1. Le nombre de salariés en agriculture augmente

La France a perdu un quart de ses exploitants agricoles en quinze ans. En parallèle, le nombre de salariés a augmenté, en relatif et en absolu (+2,2 % entre 2010 et 2016). Pour la seule filière laitière, l’étude relève qu’avant même la levée des quotas laitiers, de 2010 à 2014, 13 500 emplois ont disparu : 15 000 exploitants ont arrêté leur activité dans ce secteur. En revanche, 3 600 nouveaux salariés y ont fait leur entrée.

2. La féminisation recule avec l’augmentation du salariat

Contrairement aux idées avancées, la féminisation recule en agriculture. La part des femmes chefs d’exploitation stagne à un quart (28 %) depuis dix ans. Mais leur part reste très minoritaire parmi les salariés dont le nombre augmente.

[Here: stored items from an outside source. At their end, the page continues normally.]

(* Let $X \in \Lambda^2_{14} = \mathfrak{g}_2$. Then there exist a $\mathrm{G}_2$-adapted frame $\mathcal{B} = \{f_1,\dots,f_7\}$ and real numbers $\lambda\geq\nu\geq\mu\geq 0$ with $\lambda = \nu + \mu$ such that the matrix $[X]_{\mathcal{B}}$, whose $(i,j)$ entry is $X(f_i,f_j)$, is block diagonal with blocks $$ (0), \quad \begin{pmatrix} 0 & -\mu \\ \mu & 0\end{pmatrix}, \quad \begin{pmatrix} 0 & -\nu \\ \nu & 0\end{pmatrix}, \quad \begin{pmatrix} 0 & -\lambda \\ \lambda & 0\end{pmatrix} $$ (in this order, occupying indices $\{1\},\{2,3\},\{4,5\},\{6,7\}$), with all other entries zero. Moreover, exactly three cases occur: (i) if $\lambda=\mu$, then $\lambda=\mu=\nu=0$ and $X=0$; (ii) if $\lambda>0$ and $\mu=0$, then $\lambda=\nu$, $\operatorname{rank}X = 4$, and $\ker X$ is the associative $3$-plane spanned by $\{f_1,f_2,f_3\}$; (iii) if $\lambda>\mu>0$, then $\operatorname{rank}X=6$ and $\ker X$ is spanned by $f_1$.
   Context: Equip $\mathbb{R}^7$ with its standard inner product, orientation and basis. Let $\varphi = e_{123} - e_{167} - e_{527} - e_{563} - e_{415} - e_{426} - e_{437}$ ($e_{ijk} = e_i\wedge e_j\wedge e_k$) and define $\times$ by $\langle u\times v,w\rangle = \varphi(u,v,w)$. A skew bilinear form $X$ is identified with the operator $X$ given by $X(a,b)=\langle X(a),b\rangle$. $\Lambda^2_{14}=\mathfrak{g}_2$ is the set of skew bilinear forms $X$ with $X(v\times w) = X(v)\times w + v\times X(w)$ for all $v,w$. A $\mathrm{G}_2$-adapted frame is an oriented orthonormal basis $\{f_1,\dots,f_7\}$ with $f_3 = f_1\times f_2$, $f_5 = f_1\times f_4$, $f_6 = f_2\times f_4$, $f_7 = f_3\times f_4$. A $3$-dimensional subspace is associative if closed under $\times$. *)

(* Vectors of R^7 are row vectors 'rV[R]_7; indices are
   0-based ('I_7), so the paper's e_1..e_7 / f_1..f_7 are indices 0..6. *)
From HB Require Import structures.
From mathcomp Require Import all_boot all_order all_algebra.
From mathcomp Require Import reals.
Set Implicit Arguments. Unset Strict Implicit. Unset Printing Implicit Defensive.
Import Order.TTheory GRing.Theory Num.Theory.
Local Open Scope ring_scope.

Section G2.
Variable R : realType.
Notation vec := 'rV[R]_7.

Definition dot (u v : vec) : R := \sum_(i < 7) u 0 i * v 0 i.

Definition ev (k : 'I_7) : vec := delta_mx 0 k.

(* e_{ijk} = e_i /\ e_j /\ e_k evaluated on (u,v,w); indices 1-based as in paper *)
Definition e3 (i j k : nat) (u v w : vec) : R :=
  let c (x : vec) (n : nat) := x 0 (inord n.-1 : 'I_7) in
  c u i * (c v j * c w k - c v k * c w j)
  - c u j * (c v i * c w k - c v k * c w i)
  + c u k * (c v i * c w j - c v j * c w i).

Definition phi (u v w : vec) : R :=
  e3 1 2 3 u v w - e3 1 6 7 u v w - e3 5 2 7 u v w - e3 5 6 3 u v w
  - e3 4 1 5 u v w - e3 4 2 6 u v w - e3 4 3 7 u v w.

Definition cross (u v : vec) : vec := \row_(k < 7) phi u v (ev k).

(* A bilinear form X on R^7 is represented by the matrix M with
   X(a,b) = a M b^T; the associated operator (X(a,b) = <X(a),b>) is
   a |-> a *m M. *)
Definition bform (M : 'M[R]_7) (a b : vec) : R := (a *m M *m b^T) 0 0.
Definition skew (M : 'M[R]_7) : Prop := M^T = - M.

Definition in_g2 (M : 'M[R]_7) : Prop :=
  skew M /\
  forall v w : vec, cross v w *m M = cross (v *m M) w + cross v (w *m M).

Definition G2_adapted (F : 'M[R]_7) : Prop :=
  let f (n : nat) : vec := row (inord n.-1) F in
  [/\ forall i j : 'I_7, dot (row i F) (row j F) = (i == j)%:R,
      0 < \det F &
      [/\ f 3 = cross (f 1) (f 2),
          f 5 = cross (f 1) (f 4),
          f 6 = cross (f 2) (f 4) &
          f 7 = cross (f 3) (f 4)]].

Definition normal_form (mu nu lam : R) : 'M[R]_7 :=
  \matrix_(i < 7, j < 7)
    match nat_of_ord i, nat_of_ord j with
    | 1, 2 => - mu | 2, 1 => mu
    | 3, 4 => - nu | 4, 3 => nu
    | 5, 6 => - lam | 6, 5 => lam
    | _, _ => 0
    end.

Definition associative_set (S : vec -> Prop) : Prop :=
  forall u v, S u -> S v -> S (cross u v).

Definition span3 (a b c : vec) (x : vec) : Prop :=
  exists c1 c2 c3 : R, x = c1 *: a + c2 *: b + c3 *: c.
Definition span1 (a : vec) (x : vec) : Prop := exists c1 : R, x = c1 *: a.

Definition kerX (M : 'M[R]_7) (x : vec) : Prop := x *m M = 0.

End G2.

From HB Require Import structures.
From mathcomp Require Import all_boot all_order all_algebra all_fingroup.
From mathcomp Require Import reals.
From mathcomp Require Import ring lra zify.
From mathcomp Require Import polyrcf complex.
Set Implicit Arguments. Unset Strict Implicit. Unset Printing Implicit Defensive.
Import Order.TTheory GRing.Theory Num.Theory.
Local Open Scope ring_scope.

(* A skew element X of g2 has a kernel vector a (odd dimension), and X commutes with
   J_a = a x -, so X J_a is symmetric. Its unit eigenvectors b orthogonal to a satisfy
   b X = - mu a x b, and a second one c, chosen orthogonal to the associative
   3-plane <a, b, a x b>, makes (a, b, c) a Cayley triple. Since X is a derivation of the cross
   product, it rotates the planes <b, a x b>, <c, a x c>, <b x c, (a x b) x c> of the
   G2-frame of (a, b, c) by mu, nu and mu + nu. Exchanging b and c, replacing c by b x c,
   or a by -a permutes or negates (mu, nu, -(mu + nu)), which allows 0 <= mu <= nu.
   The frame is positively oriented because the 7-form <a, -> /\ <a x -, ->^3 is a
   negative multiple of the determinant and is -1 on the frame; kernel and rank are
   read off the frame. *)

Section AlternatingForms.
Variables (R : comNzRingType) (n : nat).

Definition row_subst (A : 'M[R]_n) (i0 : 'I_n) (v : 'rV[R]_n) : 'M[R]_n :=
  \matrix_(i, j) if i == i0 then v 0 j else A i j.

Definition multilinear (w : 'M[R]_n -> R) := forall A i0 (a : R) (v u : 'rV_n),
  w (row_subst A i0 (a *: v + u)) = a * w (row_subst A i0 v) + w (row_subst A i0 u).

Definition alternating (w : 'M[R]_n -> R) := forall A (i1 i2 : 'I_n),
  i1 != i2 -> row i1 A = row i2 A -> w A = 0.

Lemma row_row_subst A i0 v i :
  row i (row_subst A i0 v) = if i == i0 then v else row i A.
Proof. by apply/rowP => j; rewrite !mxE; case: eqP => _; rewrite ?mxE // ord1. Qed.

Lemma row_subst_id A i0 : row_subst A i0 (row i0 A) = A.
Proof. by apply/matrixP => i j; rewrite !mxE; case: eqP => // ->. Qed.

Lemma row_substC A i1 i2 v u : i1 != i2 ->
  row_subst (row_subst A i1 v) i2 u = row_subst (row_subst A i2 u) i1 v.
Proof.
move=> i12; apply/matrixP => i j; rewrite !mxE.
case: (eqVneq i i2) => [e2|n2]; case: (eqVneq i i1) => [e1|n1] //.
by move: i12; rewrite -e1 -e2 eqxx.
Qed.

Lemma det_multilinear : multilinear determinant.
Proof.
move=> A i0 a v u; rewrite -[X in _ = _ + X]mul1r.
apply: (determinant_multilinear (i0 := i0)); first by rewrite !row_row_subst eqxx scale1r.
  by apply/matrixP => i j; rewrite !mxE eq_sym (negPf (neq_lift _ _)).
by apply/matrixP => i j; rewrite !mxE eq_sym (negPf (neq_lift _ _)).
Qed.

Lemma det_alternating : alternating determinant.
Proof.
move=> A i1 i2 i12 eq12; apply: (determinant_alternate i12) => j.
by have /rowP/(_ j) := eq12; rewrite !mxE.
Qed.

Section Uniqueness.
Variable w : 'M[R]_n -> R.
Hypotheses (w_lin : multilinear w) (w_alt : alternating w).

Lemma multilinear_row0 A i0 : w (row_subst A i0 0) = 0.
Proof.
have := w_lin A i0 1 0 0; rewrite scaler0 addr0 mul1r.
by move/(congr1 (fun t => t - w (row_subst A i0 0))); rewrite subrr addrK.
Qed.

Lemma multilinear_sum A i0 (c : 'I_n -> R) :
  w (row_subst A i0 (\sum_j c j *: delta_mx 0 j)) =
  \sum_j c j * w (row_subst A i0 (delta_mx 0 j)).
Proof.
apply: (big_rec2 (fun (s : R) (v : 'rV_n) => w (row_subst A i0 v) = s)).
  exact: multilinear_row0.
by move=> j s v _ <-; rewrite w_lin.
Qed.

Lemma alternating_xrow A i1 i2 : i1 != i2 -> w (xrow i1 i2 A) = - w A.
Proof.
move=> i12; pose M v u := row_subst (row_subst A i1 v) i2 u.
have MA : M (row i1 A) (row i2 A) = A by rewrite /M !row_subst_id.
have MX : M (row i2 A) (row i1 A) = xrow i1 i2 A.
  apply/matrixP => i j; rewrite xrowEsub !mxE.
  case: (eqVneq i i2) => [->|n2]; first by rewrite tpermR.
  case: (eqVneq i i1) => [->|n1]; first by rewrite tpermL.
  by rewrite tpermD // eq_sym.
have Mvv v : w (M v v) = 0.
  by apply: (w_alt i12); rewrite /M !row_row_subst (negPf i12) !eqxx.
have MDl v1 v2 u : w (M (v1 + v2) u) = w (M v1 u) + w (M v2 u).
  by rewrite /M !(row_substC _ _ _ i12) -{1}[v1]scale1r w_lin mul1r.
have MDr v u1 u2 : w (M v (u1 + u2)) = w (M v u1) + w (M v u2).
  by rewrite /M -{1}[u1]scale1r w_lin mul1r.
have := Mvv (row i1 A + row i2 A).
by rewrite MDl !MDr !Mvv add0r addr0 MA MX => /eqP; rewrite addr_eq0 => /eqP ->; rewrite opprK.
Qed.

Hypothesis w1 : w 1%:M = 0.

Lemma alternating_perm_mx (s : 'S_n) : w (rowsub s 1%:M) = 0.
Proof.
have [ts -> {s}] := prod_tpermP s; elim: ts => [|t ts IH] /=.
  by move=> _; rewrite big_nil -w1; congr w; apply/matrixP => i j; rewrite !mxE perm1.
rewrite big_cons => /andP[t12 /IH {}IH].
have -> : rowsub (tperm t.1 t.2 * \prod_(t <- ts) tperm t.1 t.2)%g 1%:M
   = xrow t.1 t.2 (rowsub (\prod_(t <- ts) tperm t.1 t.2)%g (1%:M : 'M[R]_n)).
  by apply/matrixP => i j; rewrite xrowEsub !mxE permM.
by rewrite alternating_xrow // IH oppr0.
Qed.

Lemma alternating_basis_rows A :
  (forall i, exists j, row i A = delta_mx 0 j) -> w A = 0.
Proof.
move=> /fin_all_exists[f Af].
have -> : A = rowsub f 1%:M by apply/row_matrixP => i; rewrite row_rowsub row1 Af.
have [/injectiveP f_inj | /injectivePn[i1 [i2 i12 f12]]] := boolP (injectiveb f).
  have -> : rowsub f 1%:M = rowsub (perm f_inj) (1%:M : 'M[R]_n).
    by apply/matrixP => i j; rewrite !mxE permE.
  exact: alternating_perm_mx.
by apply: (w_alt i12); rewrite !row_rowsub f12.
Qed.

(* Induction on the number of rows not yet expanded on the standard basis. *)
Lemma multilinear_alternating_eq0 A : w A = 0.
Proof.
suff wm m B : (forall i : 'I_n, (m <= i)%N -> exists j, row i B = delta_mx 0 j) -> w B = 0.
  by apply: (wm n) => i; rewrite leqNgt ltn_ord.
elim: m B => [|m IH] B basisB; first by apply: alternating_basis_rows => i; apply: basisB.
have [mn|nm] := ltnP m n; last by apply: IH => i mi; move: (ltn_ord i); lia.
pose i0 := Ordinal mn.
rewrite -(row_subst_id B i0) [row i0 B]row_sum_delta multilinear_sum big1 // => j _.
rewrite IH ?mulr0 // => i mi; rewrite row_row_subst.
case: eqP => [_|ne]; first by exists j.
apply: basisB; rewrite ltn_neqAle mi andbT; apply/eqP => e; apply: ne.
exact: val_inj.
Qed.

End Uniqueness.

Lemma alternating_detE (w : 'M[R]_n -> R) :
  multilinear w -> alternating w -> forall A, w A = \det A * w 1%:M.
Proof.
move=> w_lin w_alt A; pose p B := w B - \det B * w 1%:M.
have p_lin : multilinear p by move=> B i0 a v u; rewrite /p !w_lin det_multilinear; ring.
have p_alt : alternating p.
  by move=> B i1 i2 i12 e; rewrite /p (w_alt _ _ _ i12 e) (det_alternating i12 e); ring.
have p1 : p 1%:M = 0 by rewrite /p det1 mul1r subrr.
by apply/eqP; rewrite -subr_eq0; apply/eqP; apply: (multilinear_alternating_eq0 p_lin p_alt p1).
Qed.

End AlternatingForms.

Section SevenForm.
Variables (R : comNzRingType) (L : 'rV[R]_7 -> R) (B : 'rV[R]_7 -> 'rV[R]_7 -> R).
Hypothesis L_lin : forall a v w, L (a *: v + w) = a * L v + L w.
Hypothesis B_linl : forall a v w y, B (a *: v + w) y = a * B v y + B w y.
Hypothesis B_skew : forall x y, B y x = - B x y.
Hypothesis B_xx : forall x, B x x = 0.

Lemma B_linr a v w y : B y (a *: v + w) = a * B y v + B y w.
Proof. by rewrite B_skew B_linl (B_skew v) (B_skew w); ring. Qed.

(* The Pfaffian of the skew matrix (B y_i y_j). *)
Definition pfaff6 y1 y2 y3 y4 y5 y6 :=
  B y1 y2 * B y3 y4 * B y5 y6 - B y1 y2 * B y3 y5 * B y4 y6 + B y1 y2 * B y3 y6 * B y4 y5
  - B y1 y3 * B y2 y4 * B y5 y6 + B y1 y3 * B y2 y5 * B y4 y6 - B y1 y3 * B y2 y6 * B y4 y5
  + B y1 y4 * B y2 y3 * B y5 y6 - B y1 y4 * B y2 y5 * B y3 y6 + B y1 y4 * B y2 y6 * B y3 y5
  - B y1 y5 * B y2 y3 * B y4 y6 + B y1 y5 * B y2 y4 * B y3 y6 - B y1 y5 * B y2 y6 * B y3 y4
  + B y1 y6 * B y2 y3 * B y4 y5 - B y1 y6 * B y2 y4 * B y3 y5 + B y1 y6 * B y2 y5 * B y3 y4.

(* Up to a constant factor, the 7-form [L /\ B /\ B /\ B]. *)
Definition wedge_LB3 x1 x2 x3 x4 x5 x6 x7 :=
  L x1 * pfaff6 x2 x3 x4 x5 x6 x7 - L x2 * pfaff6 x1 x3 x4 x5 x6 x7
  + L x3 * pfaff6 x1 x2 x4 x5 x6 x7 - L x4 * pfaff6 x1 x2 x3 x5 x6 x7
  + L x5 * pfaff6 x1 x2 x3 x4 x6 x7 - L x6 * pfaff6 x1 x2 x3 x4 x5 x7
  + L x7 * pfaff6 x1 x2 x3 x4 x5 x6.

Definition wedge_LB3_mx (A : 'M[R]_7) :=
  wedge_LB3 (row (inord 0) A) (row (inord 1) A) (row (inord 2) A)
    (row (inord 3) A) (row (inord 4) A) (row (inord 5) A) (row (inord 6) A).

Lemma inord7_eq (k m : nat) : (k < 7)%N -> (m < 7)%N ->
  ((inord k : 'I_7) == inord m) = (k == m).
Proof. by move=> hk hm; rewrite -val_eqE /= !inordK. Qed.

Lemma wedge_LB3_multilinear : multilinear wedge_LB3_mx.
Proof.
move=> A i0 a v u; rewrite -(inord_val i0); case: i0 => [k hk] /=.
rewrite /wedge_LB3_mx !row_row_subst !inord7_eq //.
by case: k hk => [|[|[|[|[|[|[|k]]]]]]] hk //=;
  move: (row (inord 0) A) (row (inord 1) A) (row (inord 2) A) (row (inord 3) A)
    (row (inord 4) A) (row (inord 5) A) (row (inord 6) A) => ? ? ? ? ? ? ?;
  rewrite /wedge_LB3 /pfaff6 !(L_lin, B_linl, B_linr); ring.
Qed.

3. Contrat court, salaire bas : la précarité est forte chez les salariés

Les salariés agricoles sont moins qualifiés, plus précaires et moins bien rémunérés que dans les autres secteurs. La moitié des heures de travail en agriculture est réalisée par des contrats précaires (CDD et contrats de moins d’un an). Ils sont occupés par 80 % des travailleurs salariés.

4. Les plus jeunes et les plus âgés occupent ces postes précaires

Un tiers des salariés qui n’ont pas de CDI ont moins de 25 ans. À leurs côtés, des gens plus âgés, voire à la retraite, occupent aussi ces emplois précaires. Et ceux-là sont de plus en plus nombreux. Des tensions fortes subsistent autour de l’emploi au sein de la profession, notamment entre la qualité du travail et la compétitivité prix des exploitations. La dynamique actuelle est effet celle d’une réduction du coût du travail, à laquelle participent certains dispositifs publics, et l’augmentation des emplois précaires.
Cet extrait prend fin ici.